■ WORK REQUEST ■
When you reach the line in the listing below that contains "c * F / (j.+1%:R", begin returning lines exactly as written, and stop after the line that contains "rewrite [X in". Return no other lines.

■ SOURCE RECORDS ■
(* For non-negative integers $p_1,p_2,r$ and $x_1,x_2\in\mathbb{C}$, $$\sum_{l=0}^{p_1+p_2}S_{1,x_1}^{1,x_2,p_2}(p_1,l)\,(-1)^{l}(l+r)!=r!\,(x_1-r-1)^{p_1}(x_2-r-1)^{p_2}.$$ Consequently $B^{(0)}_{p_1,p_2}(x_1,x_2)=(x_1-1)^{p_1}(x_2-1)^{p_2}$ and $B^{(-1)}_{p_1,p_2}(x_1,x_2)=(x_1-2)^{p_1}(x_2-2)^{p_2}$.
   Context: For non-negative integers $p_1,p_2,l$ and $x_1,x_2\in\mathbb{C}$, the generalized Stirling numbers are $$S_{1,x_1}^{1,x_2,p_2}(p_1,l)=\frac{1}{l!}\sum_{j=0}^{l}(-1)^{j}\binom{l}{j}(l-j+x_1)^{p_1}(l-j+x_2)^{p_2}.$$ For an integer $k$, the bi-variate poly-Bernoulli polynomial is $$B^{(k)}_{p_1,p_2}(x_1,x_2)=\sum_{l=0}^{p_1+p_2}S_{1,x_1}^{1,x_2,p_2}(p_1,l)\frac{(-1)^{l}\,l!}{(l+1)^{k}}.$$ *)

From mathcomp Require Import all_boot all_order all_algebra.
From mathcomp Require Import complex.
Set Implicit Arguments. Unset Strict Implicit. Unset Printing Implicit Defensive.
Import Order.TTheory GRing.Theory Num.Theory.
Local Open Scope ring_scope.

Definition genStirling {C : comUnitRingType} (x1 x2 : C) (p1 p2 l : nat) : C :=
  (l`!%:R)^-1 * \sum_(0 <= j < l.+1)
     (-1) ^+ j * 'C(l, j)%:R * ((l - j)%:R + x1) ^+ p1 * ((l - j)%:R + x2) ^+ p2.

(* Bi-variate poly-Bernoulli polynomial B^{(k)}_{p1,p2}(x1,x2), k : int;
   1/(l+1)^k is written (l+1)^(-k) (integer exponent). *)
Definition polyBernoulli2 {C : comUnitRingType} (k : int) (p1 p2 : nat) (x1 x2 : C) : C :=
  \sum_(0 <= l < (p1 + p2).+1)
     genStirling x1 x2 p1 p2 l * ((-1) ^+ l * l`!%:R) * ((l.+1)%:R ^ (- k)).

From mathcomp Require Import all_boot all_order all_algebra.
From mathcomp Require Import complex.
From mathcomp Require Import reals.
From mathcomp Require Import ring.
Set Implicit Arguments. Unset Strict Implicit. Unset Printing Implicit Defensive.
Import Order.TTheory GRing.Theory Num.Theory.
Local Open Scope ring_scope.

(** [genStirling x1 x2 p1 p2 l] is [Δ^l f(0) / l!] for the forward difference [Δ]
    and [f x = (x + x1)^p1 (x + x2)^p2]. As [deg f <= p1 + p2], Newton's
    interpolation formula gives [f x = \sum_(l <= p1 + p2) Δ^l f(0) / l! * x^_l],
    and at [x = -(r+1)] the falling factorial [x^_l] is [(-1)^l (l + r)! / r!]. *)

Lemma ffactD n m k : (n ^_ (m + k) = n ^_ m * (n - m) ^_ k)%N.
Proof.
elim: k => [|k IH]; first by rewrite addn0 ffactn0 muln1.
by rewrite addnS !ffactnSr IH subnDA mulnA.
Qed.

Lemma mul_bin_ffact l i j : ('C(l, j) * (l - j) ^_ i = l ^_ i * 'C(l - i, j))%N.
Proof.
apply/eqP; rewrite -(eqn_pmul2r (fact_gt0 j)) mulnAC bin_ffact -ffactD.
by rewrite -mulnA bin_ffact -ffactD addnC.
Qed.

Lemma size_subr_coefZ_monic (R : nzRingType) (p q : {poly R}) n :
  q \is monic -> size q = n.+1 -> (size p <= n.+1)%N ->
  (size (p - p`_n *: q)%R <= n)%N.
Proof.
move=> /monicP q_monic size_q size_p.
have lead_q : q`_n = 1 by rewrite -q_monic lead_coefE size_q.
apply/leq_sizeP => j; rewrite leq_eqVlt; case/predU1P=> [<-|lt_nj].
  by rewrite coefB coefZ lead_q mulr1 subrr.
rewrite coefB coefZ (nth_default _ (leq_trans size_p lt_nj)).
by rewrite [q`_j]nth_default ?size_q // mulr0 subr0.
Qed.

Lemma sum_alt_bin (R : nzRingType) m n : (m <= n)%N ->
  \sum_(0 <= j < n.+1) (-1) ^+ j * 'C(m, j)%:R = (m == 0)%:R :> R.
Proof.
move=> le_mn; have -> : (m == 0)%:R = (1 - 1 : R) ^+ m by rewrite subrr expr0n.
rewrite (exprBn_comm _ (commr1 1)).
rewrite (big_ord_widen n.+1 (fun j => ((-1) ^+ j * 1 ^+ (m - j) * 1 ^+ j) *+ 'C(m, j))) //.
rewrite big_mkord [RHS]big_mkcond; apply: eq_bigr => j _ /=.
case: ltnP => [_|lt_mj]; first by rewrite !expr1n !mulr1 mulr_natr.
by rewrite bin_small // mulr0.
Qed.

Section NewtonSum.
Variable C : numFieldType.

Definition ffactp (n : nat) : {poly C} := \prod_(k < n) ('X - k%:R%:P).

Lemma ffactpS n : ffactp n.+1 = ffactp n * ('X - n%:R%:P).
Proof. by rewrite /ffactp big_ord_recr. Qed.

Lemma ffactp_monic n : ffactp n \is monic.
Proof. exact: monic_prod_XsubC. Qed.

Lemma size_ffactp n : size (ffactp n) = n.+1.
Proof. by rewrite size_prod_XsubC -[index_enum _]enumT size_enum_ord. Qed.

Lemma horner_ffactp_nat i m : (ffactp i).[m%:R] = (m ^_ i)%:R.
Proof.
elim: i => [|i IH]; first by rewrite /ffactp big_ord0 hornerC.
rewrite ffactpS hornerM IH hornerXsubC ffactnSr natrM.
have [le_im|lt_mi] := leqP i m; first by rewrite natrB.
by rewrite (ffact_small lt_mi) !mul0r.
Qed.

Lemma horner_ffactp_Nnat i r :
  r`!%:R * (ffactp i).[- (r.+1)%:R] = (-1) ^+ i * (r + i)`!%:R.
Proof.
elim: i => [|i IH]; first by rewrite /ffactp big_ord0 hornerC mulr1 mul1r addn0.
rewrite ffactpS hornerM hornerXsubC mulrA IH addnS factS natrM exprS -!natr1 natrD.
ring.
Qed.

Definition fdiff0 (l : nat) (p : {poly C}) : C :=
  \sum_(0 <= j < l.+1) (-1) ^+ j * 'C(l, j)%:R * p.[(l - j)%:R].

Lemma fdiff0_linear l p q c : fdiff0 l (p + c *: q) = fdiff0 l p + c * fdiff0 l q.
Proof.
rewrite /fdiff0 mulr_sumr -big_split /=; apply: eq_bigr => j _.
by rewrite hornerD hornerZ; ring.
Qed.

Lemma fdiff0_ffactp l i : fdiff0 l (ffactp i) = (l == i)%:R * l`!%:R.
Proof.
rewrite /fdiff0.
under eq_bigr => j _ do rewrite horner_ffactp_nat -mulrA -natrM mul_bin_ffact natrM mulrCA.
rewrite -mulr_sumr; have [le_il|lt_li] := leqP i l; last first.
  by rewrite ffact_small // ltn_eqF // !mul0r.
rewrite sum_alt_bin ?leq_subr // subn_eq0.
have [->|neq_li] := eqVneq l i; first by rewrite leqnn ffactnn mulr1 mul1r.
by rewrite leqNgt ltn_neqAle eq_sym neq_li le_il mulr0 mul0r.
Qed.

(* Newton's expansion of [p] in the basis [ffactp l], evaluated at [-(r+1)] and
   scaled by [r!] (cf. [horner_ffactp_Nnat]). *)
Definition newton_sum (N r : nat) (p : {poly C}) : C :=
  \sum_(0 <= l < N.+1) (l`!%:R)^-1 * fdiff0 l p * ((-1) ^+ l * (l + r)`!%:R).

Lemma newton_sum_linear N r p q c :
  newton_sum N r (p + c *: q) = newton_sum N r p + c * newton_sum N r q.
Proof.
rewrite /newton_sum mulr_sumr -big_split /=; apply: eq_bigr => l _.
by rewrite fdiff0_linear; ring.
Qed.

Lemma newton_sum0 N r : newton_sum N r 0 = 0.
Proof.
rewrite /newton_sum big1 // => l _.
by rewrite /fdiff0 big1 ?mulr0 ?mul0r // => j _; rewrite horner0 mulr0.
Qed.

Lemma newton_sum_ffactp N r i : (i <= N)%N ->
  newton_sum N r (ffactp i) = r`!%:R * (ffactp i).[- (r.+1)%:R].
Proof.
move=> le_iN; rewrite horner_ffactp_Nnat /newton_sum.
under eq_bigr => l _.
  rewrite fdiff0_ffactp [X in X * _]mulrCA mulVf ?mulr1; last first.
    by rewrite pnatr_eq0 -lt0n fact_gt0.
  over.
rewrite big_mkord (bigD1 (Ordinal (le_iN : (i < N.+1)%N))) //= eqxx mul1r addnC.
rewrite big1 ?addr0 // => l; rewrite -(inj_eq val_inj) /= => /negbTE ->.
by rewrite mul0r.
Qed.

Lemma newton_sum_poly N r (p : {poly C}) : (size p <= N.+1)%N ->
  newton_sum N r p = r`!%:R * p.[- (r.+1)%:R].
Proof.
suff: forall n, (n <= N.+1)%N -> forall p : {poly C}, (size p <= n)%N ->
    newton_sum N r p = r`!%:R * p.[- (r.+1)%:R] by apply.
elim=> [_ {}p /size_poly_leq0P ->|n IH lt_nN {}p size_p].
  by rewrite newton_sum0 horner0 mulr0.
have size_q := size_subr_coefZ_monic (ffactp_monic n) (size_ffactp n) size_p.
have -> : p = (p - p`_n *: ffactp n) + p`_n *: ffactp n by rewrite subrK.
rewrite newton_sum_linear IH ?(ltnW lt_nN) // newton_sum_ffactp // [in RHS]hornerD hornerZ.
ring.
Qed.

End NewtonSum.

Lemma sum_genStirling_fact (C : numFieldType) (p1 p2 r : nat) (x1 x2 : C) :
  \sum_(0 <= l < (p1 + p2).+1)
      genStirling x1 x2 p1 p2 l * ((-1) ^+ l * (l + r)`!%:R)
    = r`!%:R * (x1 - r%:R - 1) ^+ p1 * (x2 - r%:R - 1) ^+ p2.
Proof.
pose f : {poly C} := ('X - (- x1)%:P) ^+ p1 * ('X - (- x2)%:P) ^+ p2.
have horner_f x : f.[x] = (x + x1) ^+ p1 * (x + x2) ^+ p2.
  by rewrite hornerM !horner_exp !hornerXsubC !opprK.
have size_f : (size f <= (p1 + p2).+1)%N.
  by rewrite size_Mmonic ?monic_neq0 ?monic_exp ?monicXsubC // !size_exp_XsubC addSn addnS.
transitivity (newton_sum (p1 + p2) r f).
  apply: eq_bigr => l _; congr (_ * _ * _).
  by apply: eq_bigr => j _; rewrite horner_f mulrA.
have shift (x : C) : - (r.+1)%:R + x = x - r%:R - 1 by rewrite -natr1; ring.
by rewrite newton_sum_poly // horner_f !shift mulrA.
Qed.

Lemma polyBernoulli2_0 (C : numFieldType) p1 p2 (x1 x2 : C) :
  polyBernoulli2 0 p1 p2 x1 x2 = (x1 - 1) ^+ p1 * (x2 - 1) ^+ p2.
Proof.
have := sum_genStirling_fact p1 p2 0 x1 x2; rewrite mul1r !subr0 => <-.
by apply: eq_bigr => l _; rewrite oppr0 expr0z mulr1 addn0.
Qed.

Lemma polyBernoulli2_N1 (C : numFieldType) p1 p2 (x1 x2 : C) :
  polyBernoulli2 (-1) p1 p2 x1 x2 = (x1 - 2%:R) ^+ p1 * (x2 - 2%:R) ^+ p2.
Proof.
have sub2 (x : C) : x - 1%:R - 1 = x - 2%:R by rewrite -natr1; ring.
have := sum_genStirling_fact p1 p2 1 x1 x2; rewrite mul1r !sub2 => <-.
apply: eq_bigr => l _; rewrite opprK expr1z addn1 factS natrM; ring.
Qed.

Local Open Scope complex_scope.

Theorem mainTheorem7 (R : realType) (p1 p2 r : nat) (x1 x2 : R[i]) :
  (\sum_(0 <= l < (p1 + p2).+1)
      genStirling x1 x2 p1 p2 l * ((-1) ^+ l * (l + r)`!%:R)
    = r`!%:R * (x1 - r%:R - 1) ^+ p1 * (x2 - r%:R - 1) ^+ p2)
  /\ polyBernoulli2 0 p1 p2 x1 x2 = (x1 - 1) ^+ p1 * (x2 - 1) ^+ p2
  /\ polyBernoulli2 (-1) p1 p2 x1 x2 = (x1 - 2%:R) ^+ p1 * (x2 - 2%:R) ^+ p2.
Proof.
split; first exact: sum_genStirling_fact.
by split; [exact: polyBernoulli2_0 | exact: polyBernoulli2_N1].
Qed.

---

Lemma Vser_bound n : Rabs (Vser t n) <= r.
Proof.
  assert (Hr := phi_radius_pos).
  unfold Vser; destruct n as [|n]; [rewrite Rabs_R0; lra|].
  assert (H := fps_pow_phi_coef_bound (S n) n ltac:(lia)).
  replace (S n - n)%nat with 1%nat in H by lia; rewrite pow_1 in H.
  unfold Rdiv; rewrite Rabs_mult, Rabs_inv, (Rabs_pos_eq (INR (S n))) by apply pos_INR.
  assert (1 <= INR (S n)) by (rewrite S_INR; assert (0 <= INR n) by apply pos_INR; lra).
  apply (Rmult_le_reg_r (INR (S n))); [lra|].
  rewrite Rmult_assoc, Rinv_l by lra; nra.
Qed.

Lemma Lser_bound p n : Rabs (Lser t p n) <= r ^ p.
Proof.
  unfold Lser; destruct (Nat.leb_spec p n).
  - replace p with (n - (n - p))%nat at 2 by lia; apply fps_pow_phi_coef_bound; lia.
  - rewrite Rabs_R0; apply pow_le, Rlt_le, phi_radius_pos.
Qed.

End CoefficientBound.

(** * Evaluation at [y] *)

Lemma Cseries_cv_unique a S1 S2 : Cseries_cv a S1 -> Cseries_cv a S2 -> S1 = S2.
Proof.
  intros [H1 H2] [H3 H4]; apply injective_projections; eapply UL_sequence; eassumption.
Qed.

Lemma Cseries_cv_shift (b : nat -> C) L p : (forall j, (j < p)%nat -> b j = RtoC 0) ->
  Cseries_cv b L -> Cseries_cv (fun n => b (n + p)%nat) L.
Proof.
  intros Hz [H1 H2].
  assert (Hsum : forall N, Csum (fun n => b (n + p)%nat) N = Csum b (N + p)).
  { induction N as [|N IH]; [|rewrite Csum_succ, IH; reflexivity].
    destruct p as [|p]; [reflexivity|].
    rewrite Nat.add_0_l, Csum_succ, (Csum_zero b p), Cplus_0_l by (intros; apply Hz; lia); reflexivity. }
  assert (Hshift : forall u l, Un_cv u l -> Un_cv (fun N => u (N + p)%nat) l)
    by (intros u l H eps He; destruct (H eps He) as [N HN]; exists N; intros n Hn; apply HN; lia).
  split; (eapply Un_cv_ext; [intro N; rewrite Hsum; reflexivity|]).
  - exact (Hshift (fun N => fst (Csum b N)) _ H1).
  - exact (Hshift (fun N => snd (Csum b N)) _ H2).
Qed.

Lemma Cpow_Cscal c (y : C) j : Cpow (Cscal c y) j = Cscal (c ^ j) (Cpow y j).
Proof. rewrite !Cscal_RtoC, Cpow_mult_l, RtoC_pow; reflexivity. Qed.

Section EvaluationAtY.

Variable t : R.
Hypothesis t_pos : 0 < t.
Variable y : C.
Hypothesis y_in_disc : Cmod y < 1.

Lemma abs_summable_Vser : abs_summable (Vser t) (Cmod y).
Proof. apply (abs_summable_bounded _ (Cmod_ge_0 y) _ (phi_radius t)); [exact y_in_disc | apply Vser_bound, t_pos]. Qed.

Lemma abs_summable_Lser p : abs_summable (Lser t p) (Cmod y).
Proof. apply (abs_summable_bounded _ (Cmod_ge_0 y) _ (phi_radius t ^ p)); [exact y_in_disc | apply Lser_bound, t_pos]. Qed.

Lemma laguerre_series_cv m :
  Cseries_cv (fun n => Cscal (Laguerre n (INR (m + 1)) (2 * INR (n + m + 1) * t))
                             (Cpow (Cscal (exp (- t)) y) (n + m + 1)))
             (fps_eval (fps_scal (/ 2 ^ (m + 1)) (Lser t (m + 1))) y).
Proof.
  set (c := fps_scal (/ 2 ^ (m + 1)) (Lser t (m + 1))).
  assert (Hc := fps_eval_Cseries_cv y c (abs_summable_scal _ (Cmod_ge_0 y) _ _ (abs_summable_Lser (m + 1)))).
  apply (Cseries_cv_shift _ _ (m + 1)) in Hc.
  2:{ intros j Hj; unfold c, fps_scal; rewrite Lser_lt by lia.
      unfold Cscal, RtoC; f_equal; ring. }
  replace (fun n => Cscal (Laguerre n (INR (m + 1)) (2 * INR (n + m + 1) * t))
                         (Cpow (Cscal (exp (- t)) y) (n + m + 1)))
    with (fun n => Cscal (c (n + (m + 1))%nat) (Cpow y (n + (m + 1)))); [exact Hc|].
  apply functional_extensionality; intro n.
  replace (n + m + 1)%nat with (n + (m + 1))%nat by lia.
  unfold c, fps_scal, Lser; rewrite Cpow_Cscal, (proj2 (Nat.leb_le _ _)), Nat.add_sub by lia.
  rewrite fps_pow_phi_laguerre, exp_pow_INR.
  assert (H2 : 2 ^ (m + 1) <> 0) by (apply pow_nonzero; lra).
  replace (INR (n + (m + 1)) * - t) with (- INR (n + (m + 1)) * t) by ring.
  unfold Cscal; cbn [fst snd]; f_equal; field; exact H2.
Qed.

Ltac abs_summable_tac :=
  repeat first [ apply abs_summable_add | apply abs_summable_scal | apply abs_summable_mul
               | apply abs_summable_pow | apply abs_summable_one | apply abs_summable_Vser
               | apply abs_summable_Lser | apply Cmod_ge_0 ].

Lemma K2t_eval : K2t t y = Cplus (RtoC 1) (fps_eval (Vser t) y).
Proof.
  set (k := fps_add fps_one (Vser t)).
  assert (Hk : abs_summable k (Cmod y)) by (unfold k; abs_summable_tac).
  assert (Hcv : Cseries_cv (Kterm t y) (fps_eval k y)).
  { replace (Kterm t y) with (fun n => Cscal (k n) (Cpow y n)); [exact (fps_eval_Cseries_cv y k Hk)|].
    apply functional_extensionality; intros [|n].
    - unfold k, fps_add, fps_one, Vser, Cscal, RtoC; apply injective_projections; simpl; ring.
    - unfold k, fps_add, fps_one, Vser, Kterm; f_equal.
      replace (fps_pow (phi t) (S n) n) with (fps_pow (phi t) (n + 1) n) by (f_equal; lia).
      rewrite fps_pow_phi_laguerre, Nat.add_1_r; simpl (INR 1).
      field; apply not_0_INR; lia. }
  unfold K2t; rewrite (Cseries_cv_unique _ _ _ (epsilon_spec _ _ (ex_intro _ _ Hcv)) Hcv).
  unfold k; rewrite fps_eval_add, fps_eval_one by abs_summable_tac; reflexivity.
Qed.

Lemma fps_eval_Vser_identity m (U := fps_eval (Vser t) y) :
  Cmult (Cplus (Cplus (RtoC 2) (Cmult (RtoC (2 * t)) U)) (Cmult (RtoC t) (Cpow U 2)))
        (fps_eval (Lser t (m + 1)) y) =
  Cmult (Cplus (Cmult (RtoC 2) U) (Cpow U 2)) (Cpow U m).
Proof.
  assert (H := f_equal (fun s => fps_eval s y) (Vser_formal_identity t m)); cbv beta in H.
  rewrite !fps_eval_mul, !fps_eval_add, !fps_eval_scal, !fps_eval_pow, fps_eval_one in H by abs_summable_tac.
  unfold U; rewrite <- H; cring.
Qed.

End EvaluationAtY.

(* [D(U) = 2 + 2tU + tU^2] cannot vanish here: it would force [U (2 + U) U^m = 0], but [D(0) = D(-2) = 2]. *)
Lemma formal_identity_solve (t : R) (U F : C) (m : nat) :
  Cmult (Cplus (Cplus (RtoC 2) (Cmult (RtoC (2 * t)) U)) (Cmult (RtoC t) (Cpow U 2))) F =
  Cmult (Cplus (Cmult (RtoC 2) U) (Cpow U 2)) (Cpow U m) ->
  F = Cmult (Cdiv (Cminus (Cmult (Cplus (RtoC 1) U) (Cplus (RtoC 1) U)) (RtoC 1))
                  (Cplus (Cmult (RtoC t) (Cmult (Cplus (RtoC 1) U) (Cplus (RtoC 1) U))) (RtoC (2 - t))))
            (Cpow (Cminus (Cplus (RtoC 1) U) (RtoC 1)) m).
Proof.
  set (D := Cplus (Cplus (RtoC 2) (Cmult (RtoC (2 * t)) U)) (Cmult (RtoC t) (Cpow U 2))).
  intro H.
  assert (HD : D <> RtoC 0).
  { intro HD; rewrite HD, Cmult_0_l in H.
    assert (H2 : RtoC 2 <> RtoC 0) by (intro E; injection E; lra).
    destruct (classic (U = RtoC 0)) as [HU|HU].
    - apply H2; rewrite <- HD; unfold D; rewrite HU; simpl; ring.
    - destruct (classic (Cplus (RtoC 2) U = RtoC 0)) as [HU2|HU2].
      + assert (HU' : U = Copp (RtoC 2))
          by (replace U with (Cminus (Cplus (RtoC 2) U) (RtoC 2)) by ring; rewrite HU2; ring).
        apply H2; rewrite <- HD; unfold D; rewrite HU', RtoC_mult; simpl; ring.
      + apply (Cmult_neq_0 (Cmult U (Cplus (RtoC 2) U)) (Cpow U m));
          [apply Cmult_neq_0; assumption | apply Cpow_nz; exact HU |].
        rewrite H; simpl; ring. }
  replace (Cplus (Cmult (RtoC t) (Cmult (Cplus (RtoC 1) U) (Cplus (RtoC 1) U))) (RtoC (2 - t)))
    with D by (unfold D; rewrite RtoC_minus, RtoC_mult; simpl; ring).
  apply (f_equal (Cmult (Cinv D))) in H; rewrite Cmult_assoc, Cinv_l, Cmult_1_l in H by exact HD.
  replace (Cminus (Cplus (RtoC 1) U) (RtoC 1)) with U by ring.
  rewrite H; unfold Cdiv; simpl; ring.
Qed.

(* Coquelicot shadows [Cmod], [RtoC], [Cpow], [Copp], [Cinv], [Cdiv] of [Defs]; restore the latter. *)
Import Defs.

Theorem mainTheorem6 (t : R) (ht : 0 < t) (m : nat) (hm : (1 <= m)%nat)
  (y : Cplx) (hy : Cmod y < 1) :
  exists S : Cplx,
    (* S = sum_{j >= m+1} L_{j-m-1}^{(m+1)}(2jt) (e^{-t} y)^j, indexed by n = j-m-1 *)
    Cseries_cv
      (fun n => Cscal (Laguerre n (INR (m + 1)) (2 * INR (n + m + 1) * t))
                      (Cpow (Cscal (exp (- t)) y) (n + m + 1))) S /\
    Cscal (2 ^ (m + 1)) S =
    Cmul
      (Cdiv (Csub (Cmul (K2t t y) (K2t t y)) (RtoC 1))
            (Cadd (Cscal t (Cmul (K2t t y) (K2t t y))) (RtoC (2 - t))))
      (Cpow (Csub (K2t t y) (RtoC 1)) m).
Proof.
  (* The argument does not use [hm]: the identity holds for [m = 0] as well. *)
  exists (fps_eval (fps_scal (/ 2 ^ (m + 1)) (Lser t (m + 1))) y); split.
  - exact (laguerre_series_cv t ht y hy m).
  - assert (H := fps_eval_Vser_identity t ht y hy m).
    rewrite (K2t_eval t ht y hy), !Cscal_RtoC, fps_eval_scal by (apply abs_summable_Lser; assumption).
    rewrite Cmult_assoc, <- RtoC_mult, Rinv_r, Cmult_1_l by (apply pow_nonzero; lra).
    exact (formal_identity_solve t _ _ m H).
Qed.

==

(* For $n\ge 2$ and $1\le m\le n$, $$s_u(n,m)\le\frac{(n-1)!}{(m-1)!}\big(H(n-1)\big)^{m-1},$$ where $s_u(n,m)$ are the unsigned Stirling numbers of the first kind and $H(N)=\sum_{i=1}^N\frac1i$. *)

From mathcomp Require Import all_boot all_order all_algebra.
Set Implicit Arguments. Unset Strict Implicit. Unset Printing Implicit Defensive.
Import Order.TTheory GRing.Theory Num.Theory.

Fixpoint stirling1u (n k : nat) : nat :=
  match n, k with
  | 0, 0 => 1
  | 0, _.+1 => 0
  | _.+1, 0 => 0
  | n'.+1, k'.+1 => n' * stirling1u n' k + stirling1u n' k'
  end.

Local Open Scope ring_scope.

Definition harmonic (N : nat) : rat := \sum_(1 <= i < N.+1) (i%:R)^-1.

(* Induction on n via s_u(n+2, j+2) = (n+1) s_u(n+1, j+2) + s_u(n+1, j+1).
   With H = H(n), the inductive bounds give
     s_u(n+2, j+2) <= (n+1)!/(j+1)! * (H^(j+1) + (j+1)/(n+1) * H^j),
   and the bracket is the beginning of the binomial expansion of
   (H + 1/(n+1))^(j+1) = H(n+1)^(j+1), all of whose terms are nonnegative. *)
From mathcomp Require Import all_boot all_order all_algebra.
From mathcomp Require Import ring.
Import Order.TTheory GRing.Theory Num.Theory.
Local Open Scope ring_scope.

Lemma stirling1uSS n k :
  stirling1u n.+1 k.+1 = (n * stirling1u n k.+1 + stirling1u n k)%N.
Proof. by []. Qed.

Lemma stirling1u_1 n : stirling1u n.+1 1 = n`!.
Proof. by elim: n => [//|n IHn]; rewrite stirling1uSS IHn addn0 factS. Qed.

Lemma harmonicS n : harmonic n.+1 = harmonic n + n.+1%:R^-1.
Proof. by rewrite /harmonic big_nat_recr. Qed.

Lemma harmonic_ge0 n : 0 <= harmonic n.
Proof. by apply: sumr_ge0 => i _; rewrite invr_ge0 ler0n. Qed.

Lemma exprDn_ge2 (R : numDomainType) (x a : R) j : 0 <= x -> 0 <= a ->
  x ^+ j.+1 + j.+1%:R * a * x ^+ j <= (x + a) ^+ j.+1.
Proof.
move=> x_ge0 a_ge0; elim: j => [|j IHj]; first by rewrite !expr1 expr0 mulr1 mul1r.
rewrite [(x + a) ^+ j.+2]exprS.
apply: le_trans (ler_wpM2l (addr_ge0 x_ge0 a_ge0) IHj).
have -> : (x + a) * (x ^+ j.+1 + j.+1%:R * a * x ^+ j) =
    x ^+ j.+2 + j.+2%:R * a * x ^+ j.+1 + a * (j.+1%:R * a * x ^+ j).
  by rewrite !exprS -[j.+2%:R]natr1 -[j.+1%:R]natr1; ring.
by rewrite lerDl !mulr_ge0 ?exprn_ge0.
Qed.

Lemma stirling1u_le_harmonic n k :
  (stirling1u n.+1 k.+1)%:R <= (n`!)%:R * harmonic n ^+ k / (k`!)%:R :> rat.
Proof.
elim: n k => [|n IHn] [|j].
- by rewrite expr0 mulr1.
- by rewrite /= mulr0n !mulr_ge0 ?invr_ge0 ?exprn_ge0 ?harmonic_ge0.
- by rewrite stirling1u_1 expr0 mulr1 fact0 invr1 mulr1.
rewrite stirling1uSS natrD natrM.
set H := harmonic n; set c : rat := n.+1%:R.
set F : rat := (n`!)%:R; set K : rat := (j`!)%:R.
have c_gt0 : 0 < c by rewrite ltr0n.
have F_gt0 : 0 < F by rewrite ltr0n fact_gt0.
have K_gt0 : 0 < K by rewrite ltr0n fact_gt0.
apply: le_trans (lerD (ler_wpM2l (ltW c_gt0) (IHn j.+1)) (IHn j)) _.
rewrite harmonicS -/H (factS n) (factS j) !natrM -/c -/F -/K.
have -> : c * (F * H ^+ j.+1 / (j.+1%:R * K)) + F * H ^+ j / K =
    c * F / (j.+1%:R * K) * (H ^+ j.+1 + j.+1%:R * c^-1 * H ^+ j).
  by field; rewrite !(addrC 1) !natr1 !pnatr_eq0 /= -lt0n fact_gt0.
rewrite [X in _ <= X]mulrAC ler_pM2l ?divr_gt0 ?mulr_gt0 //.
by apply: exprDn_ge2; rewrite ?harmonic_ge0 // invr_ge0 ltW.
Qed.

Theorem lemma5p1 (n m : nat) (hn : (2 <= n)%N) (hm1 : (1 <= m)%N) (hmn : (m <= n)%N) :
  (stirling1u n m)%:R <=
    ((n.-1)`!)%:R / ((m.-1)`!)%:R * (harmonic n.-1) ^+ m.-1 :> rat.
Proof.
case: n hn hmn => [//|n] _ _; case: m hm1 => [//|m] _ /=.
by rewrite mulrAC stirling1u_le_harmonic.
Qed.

■ RESPONSE AREA ■
    c * F / (j.+1%:R * K) * (H ^+ j.+1 + j.+1%:R * c^-1 * H ^+ j).
  by field; rewrite !(addrC 1) !natr1 !pnatr_eq0 /= -lt0n fact_gt0.
rewrite [X in _ <= X]mulrAC ler_pM2l ?divr_gt0 ?mulr_gt0 //.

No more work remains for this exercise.